Lemma word_of_words B X : word_of B X \in words n.
Proof.
rewrite mem_words size_map size_enum_ord eqxx /=.
by apply/allP => _ /mapP [i _ ->]; case: (i \in X); case: (i \in B).
Qed.

Lemma positions_word_of B X :
  [disjoint B & X] -> positions (word_of B X) 1 = B /\ positions (word_of B X) 2 = X.
Proof.
move=> disBX; split; apply/setP => i; rewrite inE nth_word_of.
  by case: ifP => [/(disjointFl disBX) -> | _]; case: (i \in B).
by case: (i \in X); case: (i \in B).
Qed.

Lemma disjoint_positions w c d : c != d -> [disjoint positions w c & positions w d].
Proof.
move=> neq_cd; rewrite -setI_eq0; apply/eqP/setP => i; rewrite !inE.
by apply/negbTE/andP => -[/eqP -> /eqP eq_cd]; rewrite eq_cd eqxx in neq_cd.
Qed.

Lemma positions_inj w w' : w \in words n -> w' \in words n ->
  positions w 1 = positions w' 1 -> positions w 2 = positions w' 2 -> w = w'.
Proof.
move=> ww ww' /setP eq1 /setP eq2.
apply: (@eq_from_nth _ 0); rewrite ?(size_words ww) ?(size_words ww') // => i i_lt.
move: (eq1 (Ordinal i_lt)) (eq2 (Ordinal i_lt)); rewrite !inE /=.
move: (nth_words_lt3 i ww) (nth_words_lt3 i ww').
by case: (nth 0 w i) => [|[|[|]]]; case: (nth 0 w' i) => [|[|[|]]].
Qed.

Lemma twos_card w : size w = n -> twos w = #|positions w 2|.
Proof.
move=> wn; rewrite /twos -[in LHS](mkseq_nth 0 w) /mkseq count_map wn.
rewrite cardsE cardE /enum_mem size_filter -enumT -val_enum_ord count_map.
exact: eq_count.
Qed.

Lemma valid_cube_closed w : w \in words n ->
  valid w = cube_closed (positions w 1) (positions w 2).
Proof.
move=> ww; have wn := size_words ww.
have letter (i : 'I_n) : (nth 0 w i != 0) = (i \in positions w 1 :|: positions w 2).
  by move: (nth_words_lt3 i ww); rewrite !inE; case: (nth 0 w i) => [|[|[|]]].
rewrite /valid wn; apply/allP/forallP => [link i | clw a].
- apply/forallP => j; apply/implyP; rewrite Xi_coverE -letter inE.
  case/orP => /andP [/eqP ji up_i].
  + have ai : val i \in iota 0 n.-1.
      by rewrite mem_iota; move: (ltn_ord j) ji => /=; lia.
    by move: (link _ ai); rewrite /link_ok up_i ji.
  + have aj : val j \in iota 0 n.-1.
      by rewrite mem_iota; move: (ltn_ord i) ji => /=; lia.
    by move: (link _ aj); rewrite /link_ok (negbTE up_i) ji.
- rewrite mem_iota add0n => /andP [_ a_lt].
  have ai : a < n by lia.
  have aj : a.+1 < n by lia.
  move/forallP/(_ (Ordinal aj)): (clw (Ordinal ai)).
  move/forallP/(_ (Ordinal ai)): (clw (Ordinal aj)).
  rewrite !Xi_coverE -!letter !inE /link_ok /= eqxx.
  by case: (cover_up a) => /=; rewrite ?andbF ?andbT ?orbT ?orbF.
Qed.

End WordsOfSubcubes.

Lemma q_nwords n k : q n k = nwords n k.
Proof.
pose cube_of w := subcube (positions n w 1) (positions n w 2).
pose ws := [seq w <- words n | valid w && (twos w == k)].
have uniq_cubes : uniq [seq cube_of w | w <- ws].
  rewrite map_inj_in_uniq ?filter_uniq ?uniq_words // => w w'.
  rewrite !mem_filter => /andP [_ wn] /andP [_ w'n] /subcube_inj [] //.
  1,2: exact: disjoint_positions.
  exact: positions_inj.
rewrite /q; suff -> : [set S | induces_cube k S] = [set S in [seq cube_of w | w <- ws]].
  by rewrite cardsE (card_uniqP uniq_cubes) size_map size_filter.
apply/setP => S; rewrite !inE; apply/idP/mapP.
- case/induces_cube_is_subcube => [B [X [disBX clBX cardX ->]]].
  have [eqB eqX] := positions_word_of disBX.
  have wn := word_of_words B X.
  exists (word_of B X); last by rewrite /cube_of eqB eqX.
  rewrite mem_filter wn (valid_cube_closed wn) eqB eqX clBX.
  by rewrite (twos_card (size_words wn)) eqX cardX eqxx.
- case=> w; rewrite mem_filter => /andP [/andP [valid_w /eqP <-] wn] ->.
  rewrite (twos_card (size_words wn)); apply: induces_cube_subcube.
    exact: disjoint_positions.
  by rewrite -valid_cube_closed.
Qed.

(** * The generating function *)

Local Open Scope ring_scope.

Lemma coef_mulD (p : {poly int}) i : (p * Dpoly)`_i =
  p`_i - (if i is i'.+1 then p`_i' else 0) - (if i is i'.+2 then p`_i' else 0).
Proof.
rewrite /Dpoly !mulrBr mulr1 !coefB [p * 'X]mulrC [p * 'X^2]mulrC coefXM coefXnM.
by case: i => [|[|i]] //=; rewrite subn2.
Qed.

Definition qboundary (k : nat) : {poly int} :=
  match k with
  | 0 => 1 + 'X - 'X^3
  | 1 => 'X - 'X^3 *+ 2
  | 2 => - 'X^3
  | _ => 0
  end.

Section Truncation.
Variable N : nat.

Definition eq_upto (p r : {poly int}) : Prop := forall i, (i <= N)%N -> p`_i = r`_i.

Lemma eq_upto_eq p r : p = r -> eq_upto p r.
Proof. by move=> ->. Qed.

Lemma eq_upto_trans p r s : eq_upto p r -> eq_upto r s -> eq_upto p s.
Proof. by move=> epr ers i le_iN; rewrite epr // ers. Qed.

Lemma eq_upto_mull s p r : eq_upto p r -> eq_upto (s * p) (s * r).
Proof.
move=> epr i le_iN; rewrite !coefM; apply: eq_bigr => j _.
by rewrite epr // (leq_trans (leq_subr _ _) le_iN).
Qed.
──────────
Task details
Show the lines of the listing above with "Ordinal".

Reply to the task
move: (eq1 (Ordinal i_lt)) (eq2 (Ordinal i_lt)); rewrite !inE /=.
  move/forallP/(_ (Ordinal aj)): (clw (Ordinal ai)).
  move/forallP/(_ (Ordinal ai)): (clw (Ordinal aj)).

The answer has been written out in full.